Brief
Among the entries below, please repeat exactly and only the lines from the line containing "(a3 > d1 -> b3" to the line containing "lambda_bezout d1 d3 m x1 x3 -> - d3", both lines included.

(Extracted records)
********************
(* Let $\delta_1,\delta_3$ be coprime positive integers, let $m\in\{1,\ldots,\max\{\delta_1,\delta_3\}\}$, and let $(x_{m1},x_{m3})$ be a B\'ezout couple of $m$ such that $(x_{m1},x_{m3})=(a_1,a_3)+(b_1,b_3)$ with integers $a_1,a_3,b_1,b_3$ satisfying $0<a_1\delta_1+a_3\delta_3<m$ and $0<b_1\delta_1+b_3\delta_3<m$. Then: (1) if $a_3\le-\delta_1$ then $a_1>\delta_3$; if moreover $\delta_3>\delta_1$, the converse also holds; (2) if $a_1\le-\delta_3$ then $a_3>\delta_1$; if moreover $\delta_1>\delta_3$, the converse also holds; (3) if $(x_{m1},x_{m3})$ is the $\lambda$-B\'ezout couple of $m$, then $a_3\le-\delta_1$ implies $\delta_1<b_3$, and $\delta_1<b_3$ implies $a_3<0$; (4) if $(x_{m1},x_{m3})$ is the $\lambda$-B\'ezout couple of $m$, then $a_1>\delta_3$ implies $b_1<-\delta_3$, and $b_1\le-\delta_3$ implies $0<a_1$; (5) if $(x_{m1},x_{m3})$ is the $\mu$-B\'ezout couple of $m$, then $a_1\le-\delta_3$ implies $\delta_3<b_1$, and $\delta_3<b_1$ implies $a_1<0$; (6) if $(x_{m1},x_{m3})$ is the $\mu$-B\'ezout couple of $m$, then $a_3>\delta_1$ implies $b_3<-\delta_1$, and $b_3\le-\delta_1$ implies $0<a_3$. All statements also hold with the roles of $(a_1,a_3)$ and $(b_1,b_3)$ interchanged.
   Context: For $i\in\{1,\ldots,\max\{\delta_1,\delta_3\}\}$, the $\lambda$-B\'ezout couple of $i$ is the unique $(x,y)\in\mathbb Z^2$ with $x\delta_1+y\delta_3=i$ and $0<y\le\delta_1$; the $\mu$-B\'ezout couple of $i$ is the unique $(x,y)\in\mathbb Z^2$ with $x\delta_1+y\delta_3=i$ and $0<x\le\delta_3$. A B\'ezout couple of $i$ is either of these. *)

From Stdlib Require Import ZArith Lia.
Open Scope Z_scope.

Definition lambda_bezout (d1 d3 i x y : Z) : Prop :=
  x * d1 + y * d3 = i /\ 0 < y <= d1.

Definition mu_bezout (d1 d3 i x y : Z) : Prop :=
  x * d1 + y * d3 = i /\ 0 < x <= d3.

Definition bezout_couple (d1 d3 i x y : Z) : Prop :=
  lambda_bezout d1 d3 i x y \/ mu_bezout d1 d3 i x y.

Definition lemma2p16_concl (d1 d3 m x1 x3 a1 a3 b1 b3 : Z) : Prop :=
  (a3 <= - d1 -> a1 > d3) /\ (d3 > d1 -> a1 > d3 -> a3 <= - d1) /\
  (a1 <= - d3 -> a3 > d1) /\ (d1 > d3 -> a3 > d1 -> a1 <= - d3) /\
  (lambda_bezout d1 d3 m x1 x3 ->
     (a3 <= - d1 -> d1 < b3) /\ (d1 < b3 -> a3 < 0)) /\
  (lambda_bezout d1 d3 m x1 x3 ->
     (a1 > d3 -> b1 < - d3) /\ (b1 <= - d3 -> 0 < a1)) /\
  (mu_bezout d1 d3 m x1 x3 ->
     (a1 <= - d3 -> d3 < b1) /\ (d3 < b1 -> a1 < 0)) /\
  (mu_bezout d1 d3 m x1 x3 ->
     (a3 > d1 -> b3 < - d1) /\ (b3 <= - d1 -> 0 < a3)).

(* Write A := a1 d1 + a3 d3, with 0 < A < m <= max(d1, d3).  Parts (1) and (2)
   only concern A: since A > 0, a3 <= -d1 forces a1 > d3, and conversely when
   A < d3 (symmetrically for (2)).  Parts (3)-(6) only concern
   the Bezout couple: the bounded coordinate lies in (0, d1] (resp. (0, d3]),
   and since m <= max(d1, d3) the other one lies in (-d3, 0] (resp. (-d1, 0]);
   then b = x - a turns bounds on a coordinate of a into bounds on that of b. *)

From Stdlib Require Import ZArith Lia.
Open Scope Z_scope.

Lemma lincomb_pos_neg_coef (p q a c : Z) :
  0 < p -> 0 < q -> 0 < a * p + c * q -> c <= - p -> q < a.
Proof. intros; nia. Qed.

Lemma lincomb_small_neg_coef (p q a c : Z) :
  0 < p -> 0 < q -> a * p + c * q < q -> q < a -> c <= - p.
Proof. intros; nia. Qed.

Lemma mu_bezout_swap (d1 d3 m x1 x3 : Z) :
  mu_bezout d1 d3 m x1 x3 <-> lambda_bezout d3 d1 m x3 x1.
Proof. unfold mu_bezout, lambda_bezout; lia. Qed.

Lemma lambda_bezout_fst_range (d1 d3 m x1 x3 : Z) :
  0 < d1 -> 0 < d3 -> 1 <= m <= Z.max d1 d3 ->
  lambda_bezout d1 d3 m x1 x3 -> - d3 < x1 <= 0.
Proof. intros Hd1 Hd3 Hm [Ex Hx3]; split; nia. Qed.

Lemma mu_bezout_snd_range (d1 d3 m x1 x3 : Z) :
  0 < d1 -> 0 < d3 -> 1 <= m <= Z.max d1 d3 ->
  mu_bezout d1 d3 m x1 x3 -> - d1 < x3 <= 0.
Proof.
  intros Hd1 Hd3 Hm Hmu; apply mu_bezout_swap in Hmu.
  rewrite Z.max_comm in Hm; exact (lambda_bezout_fst_range _ _ _ _ _ Hd3 Hd1 Hm Hmu).
Qed.

Lemma lemma2p16_concl_of_summand (d1 d3 m x1 x3 a1 a3 b1 b3 : Z) :
  0 < d1 -> 0 < d3 -> 1 <= m <= Z.max d1 d3 ->
  x1 = a1 + b1 -> x3 = a3 + b3 ->
  0 < a1 * d1 + a3 * d3 < m ->
  lemma2p16_concl d1 d3 m x1 x3 a1 a3 b1 b3.
Proof.
  intros Hd1 Hd3 Hm -> -> [HA HAm].
  split; [|split; [|split; [|split; [|split; [|split; [|split]]]]]].
  - intros; apply Z.lt_gt, (lincomb_pos_neg_coef d1 d3 a1 a3); lia.
  - intros Hd31 Ha1; rewrite Z.max_r in Hm by lia.
    apply (lincomb_small_neg_coef d1 d3 a1 a3); lia.
  - intros; apply Z.lt_gt, (lincomb_pos_neg_coef d3 d1 a3 a1); lia.
  - intros Hd13 Ha3; rewrite Z.max_l in Hm by lia.
    apply (lincomb_small_neg_coef d3 d1 a3 a1); lia.
  - intros [_ Hx3]; lia.
  - intros Hl; pose proof (lambda_bezout_fst_range _ _ _ _ _ Hd1 Hd3 Hm Hl); lia.
  - intros [_ Hx1]; lia.
  - intros Hmu; pose proof (mu_bezout_snd_range _ _ _ _ _ Hd1 Hd3 Hm Hmu); lia.
Qed.

Theorem lemma2p16 (d1 d3 m x1 x3 a1 a3 b1 b3 : Z) :
  0 < d1 -> 0 < d3 -> Z.gcd d1 d3 = 1 ->
  1 <= m <= Z.max d1 d3 ->
  bezout_couple d1 d3 m x1 x3 ->
  x1 = a1 + b1 -> x3 = a3 + b3 ->
  0 < a1 * d1 + a3 * d3 < m ->
  0 < b1 * d1 + b3 * d3 < m ->
  lemma2p16_concl d1 d3 m x1 x3 a1 a3 b1 b3 /\
  lemma2p16_concl d1 d3 m x1 x3 b1 b3 a1 a3.
Proof.
  intros Hd1 Hd3 _ Hm _ E1 E3 HA HB.
  split; apply lemma2p16_concl_of_summand; auto; lia.
Qed.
********************
Written answer
     (a3 > d1 -> b3 < - d1) /\ (b3 <= - d1 -> 0 < a3)).

(* Write A := a1 d1 + a3 d3, with 0 < A < m <= max(d1, d3).  Parts (1) and (2)
   only concern A: since A > 0, a3 <= -d1 forces a1 > d3, and conversely when
   A < d3 (symmetrically for (2)).  Parts (3)-(6) only concern
   the Bezout couple: the bounded coordinate lies in (0, d1] (resp. (0, d3]),
   and since m <= max(d1, d3) the other one lies in (-d3, 0] (resp. (-d1, 0]);
   then b = x - a turns bounds on a coordinate of a into bounds on that of b. *)

From Stdlib Require Import ZArith Lia.
Open Scope Z_scope.

Lemma lincomb_pos_neg_coef (p q a c : Z) :
  0 < p -> 0 < q -> 0 < a * p + c * q -> c <= - p -> q < a.
Proof. intros; nia. Qed.

Lemma lincomb_small_neg_coef (p q a c : Z) :
  0 < p -> 0 < q -> a * p + c * q < q -> q < a -> c <= - p.
Proof. intros; nia. Qed.

Lemma mu_bezout_swap (d1 d3 m x1 x3 : Z) :
  mu_bezout d1 d3 m x1 x3 <-> lambda_bezout d3 d1 m x3 x1.
Proof. unfold mu_bezout, lambda_bezout; lia. Qed.

Lemma lambda_bezout_fst_range (d1 d3 m x1 x3 : Z) :
  0 < d1 -> 0 < d3 -> 1 <= m <= Z.max d1 d3 ->
  lambda_bezout d1 d3 m x1 x3 -> - d3 < x1 <= 0.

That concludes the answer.